> EXERCISE
In the records below, locate the line containing "shellable (skeleton (mG"; output that line and every following line through the last, exactly.

> EXTRACTED RECORDS
(* The largest arc b = (x, l) of S that Fi has and Fj lacks makes l a root of
   Fj; as Fi is acyclic, l does not reach x in Fi, so some arc a of Fj outside
   Fi cuts l off from x in Fj, and b may replace a. *)
Lemma swap_source Fi Fj : Fi \in facets K -> Fj \in facets K -> Fi != Fj ->
  Fi :\: S = Fj :\: S -> source_gap_weight Fi <= source_gap_weight Fj ->
  exists a b, [/\ a \in Fj, a \notin Fi, b \notin Fj, b |: Fj :\ a \in facets K
                & shelling_key (b |: Fj :\ a) < shelling_key Fj].
Proof.
move=> FiK FjK Fij same_off le_gap.
have := FiK; rewrite mem_facets => /andP[HFi /eqP full_i].
have := FjK; rewrite mem_facets => /andP[HFj /eqP full_j].
have gaps : S :\: Fi != S :\: Fj.
  apply: contraNneq Fij => gap; apply/eqP/setP => p; have [pS|pS] := boolP (p \in S).
    by move/setP/(_ p): gap; rewrite !in_setD pS !andbT => /negb_inj.
  by move/setP/(_ p): same_off; rewrite !in_setD pS.
have [[x l] gap_b max_b] := bin_weight_dominant gaps le_gap.
move: gap_b; rewrite !in_setD negb_and negbK => /and3P[+ bFj bS]; rewrite bS orbF => bFi.
have lroot : l \in roots Fj.
  rewrite inE; apply/forallP => y; apply/negP => ylFj.
  have [ylS|ylS] := boolP ((y, l) \in S).
    by move: bFj; rewrite -(source_arcs_indeg ylS bS) ylFj.
  have ylFi : (y, l) \in Fi.
    by move/setP/(_ (y, l)): same_off; rewrite !in_setD ylS ylFj => /andP[].
  by move: ylS; rewrite (directed_forest_indeg HFi ylFi bFi) bS.
have [a aFjFi cut] : exists2 a, a \in Fj :\: Fi & ~~ connect (arc_rel (Fj :\ a)) l x.
  apply/exists_inP; apply: contraT; rewrite negb_exists_in => /forall_inP uncut.
  apply: contraR (directed_forest_acyclic HFi bFi) => _ /=.
  apply: connect_avoid (directed_forest_indeg HFj) _ _ => [|a /uncut/negPn//].
  by apply: contra Fij => sFjFi; rewrite eq_sym eqEcard sFjFi full_i full_j /=.
move: aFjFi; rewrite in_setD => /andP[aFi aFj].
have aS : a \in S.
  by apply: contraT => aS; move/setP/(_ a): same_off; rewrite !in_setD aS aFj (negbTE aFi).
have lt_ab : enum_rank a < enum_rank (x, l) by apply: max_b; rewrite !in_setD aS aFi aFj.
have ab : a != (x, l) by apply: contraTneq lt_ab => ->; rewrite ltnn.
have HFl : directed_forest e ((x, l) |: Fj :\ a).
  apply: directed_forest_setU1 cut.
  - exact: directed_forest_subset (subsetDl _ _) HFj.
  - exact: directed_forest_arc HFi bFi.
  - exact: subsetP (rootsS (subsetDl _ _)) _ lroot.
exists a, (x, l); split=> //; first exact: facet_swap.
apply: shelling_key_ltr; first exact: off_source_swap.
rewrite /source_gap_weight source_gap_swap //.
by apply: bin_weight_swap; rewrite // !in_setD ?aFj ?bFj ?bS.
Qed.

Lemma shelling_key_swap Fi Fj : Fi \in facets K -> Fj \in facets K -> Fi != Fj ->
  shelling_key Fi <= shelling_key Fj ->
  exists a b, [/\ a \in Fj, a \notin Fi, b \notin Fj, b |: Fj :\ a \in facets K
                & shelling_key (b |: Fj :\ a) < shelling_key Fj].
Proof.
move=> FiK FjK Fij le_key.
have [sub|/subsetPn[a]] := boolP (Fj :\: S \subset Fi :\: S); last first.
  rewrite !in_setD => /andP[aS aFj]; rewrite aS /= => aFi.
  by have [b [bFj FlK lt_key]] := swap_off_source FjK aFj aS; exists a, b.
have [same_off le_gap] := shelling_key_le le_key (subset_leq_card sub).
apply: swap_source => //; apply/eqP; rewrite eq_sym eqEcard sub.
by rewrite -/(off_source Fi) -/(off_source Fj) same_off leqnn.
Qed.

End CompleteSource.

Theorem mainTheorem6 (T : finType) (e : rel T) :
  simple_graph e ->
  (exists A : {set T}, complete_source e A) ->
  shellable (skeleton (mG e) (dtree_complex e)).
Proof.
case=> e_sym _ [A A_source].
exact: shellable_of_swaps (pure_skeleton e_sym A_source) (shelling_key_swap e_sym A_source).
Qed.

> REPLY
  shellable (skeleton (mG e) (dtree_complex e)).
Proof.
case=> e_sym _ [A A_source].
exact: shellable_of_swaps (pure_skeleton e_sym A_source) (shelling_key_swap e_sym A_source).
Qed.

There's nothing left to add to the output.